Dataset:

(* Let $n>2k$ be integers with $k\ge 2$, $X=\{1,\dots,n\}$, let $\mathcal F\subset\binom{X}{k}$ be a saturated intersecting family, $\mathcal B=\mathcal B(\mathcal F)$, and $t=\min\{|B|\colon B\in\mathcal B\}$, and assume $t\ge 2$. For $t\le \ell\le k$ let $\mathcal F_\ell$ be the set of $F\in\mathcal F$ with $\max\{|B|\colon B\in\mathcal B,\ B\subset F\}=\ell$, and let $$\mathcal I_\ell=\{F\cap F'\colon F\in\mathcal F_\ell,\ F'\in\mathcal F_t\cup\dots\cup\mathcal F_\ell\}.$$ Then for every $\ell$ with $t\le\ell\le k$ and $\tau(\mathcal B^{(\le\ell)})\ge 2$, $$|\mathcal I_\ell|\le (2^\ell-1)\,|\mathcal B^{(\ell)}|\sum_{0\le i\le k-\ell}\binom{n}{i} < 2^\ell\,\ell^2 k^{\ell-2}\sum_{0\le i\le k-\ell}\binom{n}{i}.$$
   Context: $\binom{X}{k}$ is the family of $k$-subsets of $X$. A family is intersecting if any two of its members intersect. For $\mathcal G\subset 2^X$, $\mathcal T(\mathcal G):=\{T\subset X\colon |T|\le k,\ T\cap G\neq\emptyset \text{ for all } G\in\mathcal G\}$. An intersecting family $\mathcal F\subset\binom{X}{k}$ is saturated if for every $G\in\binom{X}{k}\setminus\mathcal F$ the family $\mathcal F\cup\{G\}$ is not intersecting. $\mathcal B(\mathcal F)$ denotes the family of inclusion-minimal members of $\mathcal T(\mathcal F)$. For a family $\mathcal H$, $\mathcal H^{(i)}:=\{H\in\mathcal H\colon |H|=i\}$ and $\mathcal H^{(\le \ell)}:=\bigcup_{i=1}^{\ell}\mathcal H^{(i)}$. The covering number $\tau(\mathcal H)$ is the minimum size of a set $T$ with $T\cap H\neq\emptyset$ for all $H\in\mathcal H$. *)

(* Ground set X = {1,...,n} is modelled by 'I_n. *)
From mathcomp Require Import all_boot all_order.
Set Implicit Arguments. Unset Strict Implicit. Unset Printing Implicit Defensive.

Section Defs.
Variable n : nat.
Notation fam := {set {set 'I_n}}.

Definition k_uniform (k : nat) (F : fam) : Prop := forall A, A \in F -> #|A| = k.

Definition intersecting (F : fam) : Prop :=
  forall A B, A \in F -> B \in F -> A :&: B != set0.

Definition saturated (k : nat) (F : fam) : Prop :=
  [/\ k_uniform k F, intersecting F &
      forall G : {set 'I_n}, #|G| = k -> G \notin F -> ~ intersecting (G |: F)].

Definition Tfam (k : nat) (G : fam) : fam :=
  [set T : {set 'I_n} | (#|T| <= k) && [forall A in G, T :&: A != set0]].

Definition Bfam (k : nat) (F : fam) : fam :=
  [set T in Tfam k F | [forall T' in Tfam k F, (T' \subset T) ==> (T' == T)]].

Definition layer (H : fam) (i : nat) : fam := [set A in H | #|A| == i].
Definition layer_le (H : fam) (l : nat) : fam :=
  [set A in H | (1 <= #|A|) && (#|A| <= l)].

(* covering number; if no transversal exists, the value is n.+1 (i.e. "infinite") *)
Definition is_cover (T : {set 'I_n}) (H : fam) : bool :=
  [forall A in H, T :&: A != set0].
Definition tau (H : fam) : nat :=
  \big[minn/n.+1]_(T : {set 'I_n} | is_cover T H) #|T|.

Definition Flev (k : nat) (F : fam) (l : nat) : fam :=
  [set A in F | \max_(B in Bfam k F | B \subset A) #|B| == l].

Definition Ifam (k : nat) (F : fam) (t l : nat) : fam :=
  [set A :&: A' | A in Flev k F l,
                  A' in \bigcup_(t <= j < l.+1) Flev k F j].
End Defs.

From mathcomp Require Import all_boot all_order zify.
Set Implicit Arguments. Unset Strict Implicit. Unset Printing Implicit Defensive.

(* The first inequality is a decomposition argument: if F is in F_l it
   contains some B in B^(l), and then for every F' in F we can write
   F cap F' = (B cap F') u R with B cap F' a nonempty subset of B (B is a
   transversal of F) and R = (F cap F') \ B of size at most k - l.  Counting
   the choices of B, of the nonempty subset of B and of the small set R gives
   (2^l - 1) |B^(l)| sum_{i <= k-l} C(n,i).

   The second inequality reduces to |B^(l)| <= l^2 k^(l-2), proved by the
   classical branching argument: for S strictly inside some B in B(F), S is
   not a transversal, so some k-set A of F avoids S and every B containing S
   contains S + z for some z in A; by induction at most k^(l-|S|) members of
   B^(l) contain S.  Since B(F) is intersecting (saturation and n > 2k) and
   no single point covers B^(<=l) (tau >= 2), two branching steps from a fixed
   B0 in B^(l) give the bound l * l * k^(l-2). *)

Lemma card_bigcup_le (I T : finType) (P : pred I) (A : I -> {set T}) :
  #|\bigcup_(i | P i) A i| <= \sum_(i | P i) #|A i|.
Proof.
apply: (@big_ind2 {set T} nat (fun U m => #|U| <= m) set0 (@setU T) 0 addn)
  => [|U1 m1 U2 m2 le1 le2|//].
- by rewrite cards0.
- exact: leq_trans (leq_card_setU U1 U2) (leq_add le1 le2).
Qed.

Lemma card_imset2_le (aT1 aT2 rT : finType) (f : aT1 -> aT2 -> rT)
    (A1 : {set aT1}) (A2 : {set aT2}) :
  #|f @2: (A1, A2)| <= #|A1| * #|A2|.
Proof. by rewrite curry_imset2X -cardsX leq_imset_card. Qed.

Lemma card_supsets_le_sum (T : finType) (C : {set {set T}}) (S A : {set T}) :
  (forall B, B \in C -> B :&: A != set0) ->
  #|[set B in C | S \subset B]| <= \sum_(z in A) #|[set B in C | z |: S \subset B]|.
Proof.
move=> meetA; apply: leq_trans (card_bigcup_le _ _).
apply: subset_leq_card; apply/subsetP => B; rewrite inE => /andP[BC SB].
case/set0Pn: (meetA B BC) => z; rewrite inE => /andP[zB zA].
by apply/bigcupP; exists z => //; rewrite inE BC subUset sub1set zB SB.
Qed.

Lemma extend_subset (T : finType) (m : nat) (B C : {set T}) :
  B \subset C -> #|B| + m <= #|C| ->
  exists G : {set T}, [/\ B \subset G, G \subset C & #|G| = #|B| + m].
Proof.
elim: m B => [|m IH] B BC leBC; first by exists B; rewrite addn0.
have /properP[_ [x xC xB]] : B \proper C.
  by rewrite properEcard BC (leq_trans _ leBC) // addnS ltnS leq_addr.
have xBC : x |: B \subset C by rewrite subUset sub1set xC BC.
have [|G [xBG GC cG]] := IH (x |: B) xBC; first by rewrite cardsU1 xB addSnnS.
exists G; split => //; first exact: subset_trans (subsetUr _ _) xBG.
by rewrite cG cardsU1 xB addSnnS.
Qed.

Lemma card_small_sets (n m : nat) :
  #|[set R : {set 'I_n} | #|R| <= m]| = \sum_(0 <= i < m.+1) 'C(n, i).
Proof.
elim: m => [|m IH].
  rewrite big_nat1 -[n in 'C(n, _)]card_ord -card_draws.
  by apply: eq_card => R; rewrite !inE leqn0.
have -> : [set R : {set 'I_n} | #|R| <= m.+1] =
    [set R : {set 'I_n} | #|R| <= m] :|: [set R : {set 'I_n} | #|R| == m.+1].
  by apply/setP => R; rewrite !inE leq_eqVlt ltnS orbC.
rewrite cardsU big_nat_recr //= -IH -[n in 'C(n, _)]card_ord -card_draws.
have -> : [set R : {set 'I_n} | #|R| <= m]
            :&: [set R : {set 'I_n} | #|R| == m.+1] = set0.
  by apply/setP => R; rewrite !inE; case: eqP => [->|]; rewrite ?ltnn ?andbF.
by rewrite cards0 subn0.
Qed.

Lemma tau_gt_not_cover (n : nat) (H : {set {set 'I_n}}) (T : {set 'I_n}) :
  #|T| < tau H -> exists2 A, A \in H & T :&: A = set0.
Proof.
move=> ltT; have : ~~ is_cover T H.
  apply: contraTN ltT => coverT; rewrite -leqNgt /tau -minEnat.
  exact: (@Order.TotalTheory.bigmin_le_cond _ _ _ n.+1 T _ (fun A : {set 'I_n} => #|A|) coverT).
by case/forall_inPn => A AH /negPn /eqP TA; exists A.
Qed.

Section BlockingSets.
Variables (n k : nat) (F : {set {set 'I_n}}).

Lemma Bfam_card (B : {set 'I_n}) : B \in Bfam k F -> #|B| <= k.
Proof. by rewrite !inE => /andP[/andP[]]. Qed.

Lemma Bfam_meet (B A : {set 'I_n}) : B \in Bfam k F -> A \in F -> B :&: A != set0.
Proof. by rewrite !inE => /andP[/andP[_ /forall_inP meetF] _]; apply: meetF. Qed.

Lemma Bfam_proper_avoid (B S : {set 'I_n}) :
  B \in Bfam k F -> S \proper B -> exists2 A, A \in F & S :&: A = set0.
Proof.
move=> BB ltSB; have cS : #|S| <= k := ltnW (leq_trans (proper_card ltSB) (Bfam_card BB)).
have : S \notin Tfam k F.
  move: BB; rewrite inE => /andP[_ /forall_inP minB]; apply/negP => /minB.
  by rewrite (proper_sub ltSB) => /eqP eSB; rewrite eSB properxx in ltSB.
by rewrite inE cS /= => /forall_inPn [A AF /negPn /eqP SA]; exists A.
Qed.

Lemma Flev_sub (j : nat) : Flev k F j \subset F.
Proof. by apply/subsetP => A; rewrite inE => /andP[]. Qed.

Lemma Flev_witness (l : nat) (A : {set 'I_n}) : 0 < l -> A \in Flev k F l ->
  exists2 B, B \in layer (Bfam k F) l & B \subset A.
Proof.
move=> l_gt0; rewrite inE => /andP[_].
apply: (@big_ind nat
  (fun m => m == l -> exists2 B, B \in layer (Bfam k F) l & B \subset A) 0 maxn)
  => [/eqP l0|m1 m2 ih1 ih2|B].
- by rewrite -l0 in l_gt0.
- by case: (leqP m1 m2) => _; [apply: ih2 | apply: ih1].
- by case/andP=> BB BA /eqP cB; exists B; rewrite // inE BB cB eqxx.
Qed.

Section Uniform.
Hypothesis unifF : k_uniform k F.

Lemma layer_supsets_card (l : nat) (S : {set 'I_n}) :
  #|[set B in layer (Bfam k F) l | S \subset B]| <= k ^ (l - #|S|).
Proof.
move eqm : (l - #|S|) => m; elim: m S eqm => [|m IH] S eqm.
  rewrite expn0 -(cards1 S); apply: subset_leq_card; apply/subsetP => B.
  rewrite !inE => /andP[/andP[_ /eqP cB] SB].
  by apply/eqP/esym/eqP; rewrite eqEcard SB cB -subn_eq0 eqm.
case: (set_0Vmem [set B in layer (Bfam k F) l | S \subset B]) => [->|[B0]].
  by rewrite cards0.
rewrite inE => /andP[]; rewrite inE => /andP[B0B /eqP cB0] SB0.
have ltSB0 : S \proper B0 by rewrite properEcard SB0 cB0; lia.
have [A AF SA] := Bfam_proper_avoid B0B ltSB0.
have meetA B : B \in layer (Bfam k F) l -> B :&: A != set0.
  by rewrite inE => /andP[BB _]; apply: Bfam_meet AF.
apply: leq_trans (card_supsets_le_sum S meetA) _.
apply: (@leq_trans (\sum_(z in A) k ^ m)); last first.
  by rewrite sum_nat_const (unifF AF) expnS.
apply: leq_sum => z zA; apply: IH.
have zS : z \notin S.
  by apply: contra_eqN SA => zS; apply/set0Pn; exists z; rewrite inE zS zA.
by rewrite cardsU1 zS; lia.
Qed.

Lemma Ifam_decomp (t l : nat) (X : {set 'I_n}) : 0 < l -> X \in Ifam k F t l ->
  exists B, exists S, exists R : {set 'I_n},
    [/\ B \in layer (Bfam k F) l, S \in powerset B :\ set0, #|R| <= k - l
      & X = S :|: R].
Proof.
move=> l_gt0 /imset2P [A A' AFl A'Fj ->].
have [B Bl BA] := Flev_witness l_gt0 AFl.
have A'F : A' \in F.
  apply: (subsetP _ _ A'Fj); elim/big_ind: _ => [|U V sUF sVF|j _].
  - exact: sub0set.
  - by rewrite subUset sUF sVF.
  - exact: Flev_sub.
have AF := subsetP (Flev_sub l) A AFl.
move: (Bl); rewrite inE => /andP[BB /eqP cB].
exists B, (B :&: A'), ((A :&: A') :\: B); split => //.
- by rewrite !inE (Bfam_meet BB A'F) subsetIl.
- apply: leq_trans (_ : #|A :\: B| <= _).
    by apply: subset_leq_card; apply: setSD; apply: subsetIl.
  by rewrite cardsDS // unifF // cB.
- apply/setP => x; rewrite !inE.
  by case: (boolP (x \in B)) => xB //=; rewrite (subsetP BA x xB) orbF.
Qed.

Lemma Ifam_card_le (t l : nat) : 0 < l ->
  #|Ifam k F t l| <=
    (2 ^ l - 1) * #|layer (Bfam k F) l| * \sum_(0 <= i < (k - l).+1) 'C(n, i).
Proof.
move=> l_gt0; set small := [set R : {set 'I_n} | #|R| <= k - l].
have IF_sub : Ifam k F t l \subset
    \bigcup_(B in layer (Bfam k F) l) [set S :|: R | S in powerset B :\ set0, R in small].
  apply/subsetP => X /(Ifam_decomp l_gt0) [B [S [R [Bl SB cR ->]]]].
  by apply/bigcupP; exists B => //; apply: imset2_f; rewrite // inE.
apply: leq_trans (subset_leq_card IF_sub) _.
apply: leq_trans (card_bigcup_le _ _) _.
apply: (@leq_trans (\sum_(B in layer (Bfam k F) l) ((2 ^ l - 1) * #|small|))).
  2: by rewrite sum_nat_const card_small_sets mulnA [#|_| * _]mulnC.
apply: leq_sum => B; rewrite inE => /andP[_ /eqP cB].
apply: leq_trans (card_imset2_le _ _ _) _.
rewrite leq_mul2r; apply/orP; right.
have := cardsD1 set0 (powerset B).
by rewrite card_powerset cB inE sub0set add1n => ->; rewrite subn1.
Qed.
End Uniform.

Section Saturated.
Hypotheses (k_gt0 : 0 < k) (nk : 2 * k < n) (satF : saturated k F).

(* B(F) is intersecting: two disjoint members B1, B2 would let us extend B1
   to a k-set G outside B2, and G could be added to F. *)
Lemma Bfam_intersecting (B1 B2 : {set 'I_n}) :
  B1 \in Bfam k F -> B2 \in Bfam k F -> B1 :&: B2 != set0.
Proof.
have [unifF interF maxF] := satF.
move=> B1B B2B; apply/negP => /eqP disj.
have B1_sub : B1 \subset ~: B2 by rewrite -disjoints_subset -setI_eq0 disj.
have c1 := Bfam_card B1B; have c2 := Bfam_card B2B.
have [|G [B1G GB2 cG]] := extend_subset (m := k - #|B1|) B1_sub.
  by rewrite subnKC // cardsCs setCK card_ord; lia.
rewrite subnKC // in cG.
have meetG A : A \in F -> G :&: A != set0.
  move=> AF; case/set0Pn: (Bfam_meet B1B AF) => x; rewrite inE => /andP[xB1 xA].
  by apply/set0Pn; exists x; rewrite inE xA (subsetP B1G x xB1).
have GF : G \notin F.
  apply/negP => GF; case/set0Pn: (Bfam_meet B2B GF) => x; rewrite inE.
  by case/andP=> xB2 /(subsetP GB2); rewrite inE xB2.
apply: (maxF G cG GF) => A A'; rewrite !inE => /orP[/eqP->|AF] /orP[/eqP->|A'F].
- by rewrite setIid -card_gt0 cG.
- exact: meetG.
- by rewrite setIC; apply: meetG.
- exact: interF.
Qed.

(* If no point covers B^(<=l), each point lies in at most l k^(l-2)
   members of B^(l): branch once over a member of B^(<=l) avoiding it. *)
Lemma layer_point_card (l : nat) (x : 'I_n) :
  2 <= tau (layer_le (Bfam k F) l) ->
  #|[set B in layer (Bfam k F) l | [set x] \subset B]| <= l * k ^ (l - 2).
Proof.
have [unifF _ _] := satF.
move=> tau2; have [|B1 B1l xB1] := @tau_gt_not_cover n (layer_le (Bfam k F) l) [set x].
  by rewrite cards1.
move: B1l; rewrite inE => /andP[B1B /andP[_ cB1]].
have meetB1 B : B \in layer (Bfam k F) l -> B :&: B1 != set0.
  by rewrite inE => /andP[BB _]; apply: Bfam_intersecting.
apply: leq_trans (card_supsets_le_sum _ meetB1) _.
apply: (@leq_trans (\sum_(y in B1) k ^ (l - 2))); last first.
  by rewrite sum_nat_const leq_mul2r cB1 orbT.
apply: leq_sum => y yB1; apply: leq_trans (layer_supsets_card unifF _ _) _.
have yx : y != x.
  apply: contra_eqN xB1 => /eqP yx; apply/set0Pn.
  by exists x; rewrite !inE eqxx -yx yB1.
by rewrite cardsU1 cards1 in_set1 yx.
Qed.

(* |B^(l)| <= l^2 k^(l-2): every member of B^(l) meets a fixed B0 in B^(l). *)
Lemma layer_card_le (l : nat) :
  2 <= tau (layer_le (Bfam k F) l) -> #|layer (Bfam k F) l| <= l * l * k ^ (l - 2).
Proof.
move=> tau2.
case: (set_0Vmem (layer (Bfam k F) l)) => [->|[B0 B0l]]; first by rewrite cards0.
move: (B0l); rewrite inE => /andP[B0B /eqP cB0].
have meetB0 B : B \in layer (Bfam k F) l -> B :&: B0 != set0.
  by rewrite inE => /andP[BB _]; apply: Bfam_intersecting.
have -> : layer (Bfam k F) l = [set B in layer (Bfam k F) l | set0 \subset B].
  by apply/setP => B; rewrite inE sub0set andbT.
apply: leq_trans (card_supsets_le_sum _ meetB0) _.
under eq_bigr => x _ do rewrite setU0.
apply: (@leq_trans (\sum_(x in B0) l * k ^ (l - 2))).
  by apply: leq_sum => x _; apply: layer_point_card.
by rewrite sum_nat_const cB0 mulnA.
Qed.
End Saturated.
End BlockingSets.

Theorem lemma3p1 (n k : nat) (F : {set {set 'I_n}}) (t : nat) :
  2 <= k -> 2 * k < n ->
  saturated k F ->
  (* t = min{|B| : B in B(F)} *)
  (exists2 B, B \in Bfam k F & #|B| = t) ->
  (forall B, B \in Bfam k F -> t <= #|B|) ->
  2 <= t ->
  forall l : nat, t <= l -> l <= k ->
  2 <= tau (layer_le (Bfam k F) l) ->
  #|Ifam k F t l| <=
    (2 ^ l - 1) * #|layer (Bfam k F) l| * \sum_(0 <= i < (k - l).+1) 'C(n, i)
  /\
  (2 ^ l - 1) * #|layer (Bfam k F) l| * \sum_(0 <= i < (k - l).+1) 'C(n, i)
    < 2 ^ l * l ^ 2 * k ^ (l - 2) * \sum_(0 <= i < (k - l).+1) 'C(n, i).
Proof.
move=> k2 nk satF _ _ t2 l tl _ tau2.
have l_gt0 : 0 < l by lia.
split; first by apply: Ifam_card_le => //; case: satF.
set s := \sum_(0 <= i < (k - l).+1) 'C(n, i).
have s_gt0 : 0 < s by rewrite /s big_ltn // bin0.
have layer_bound := layer_card_le (ltnW k2) nk satF tau2.
have M_gt0 : 0 < l ^ 2 * k ^ (l - 2) by rewrite muln_gt0 !expn_gt0; lia.
apply: (@leq_ltn_trans ((2 ^ l - 1) * (l ^ 2 * k ^ (l - 2)) * s)).
  by rewrite leq_mul2r leq_mul2l -mulnn layer_bound !orbT.
rewrite ltn_pmul2r // -mulnA ltn_pmul2r //.
by have := expn_gt0 2 l; lia.
Qed.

Instructions to follow:
If a line in the listing has "branching" in it, report that line.

Solution to this task:
   classical branching argument: for S strictly inside some B in B(F), S is
   no single point covers B^(<=l) (tau >= 2), two branching steps from a fixed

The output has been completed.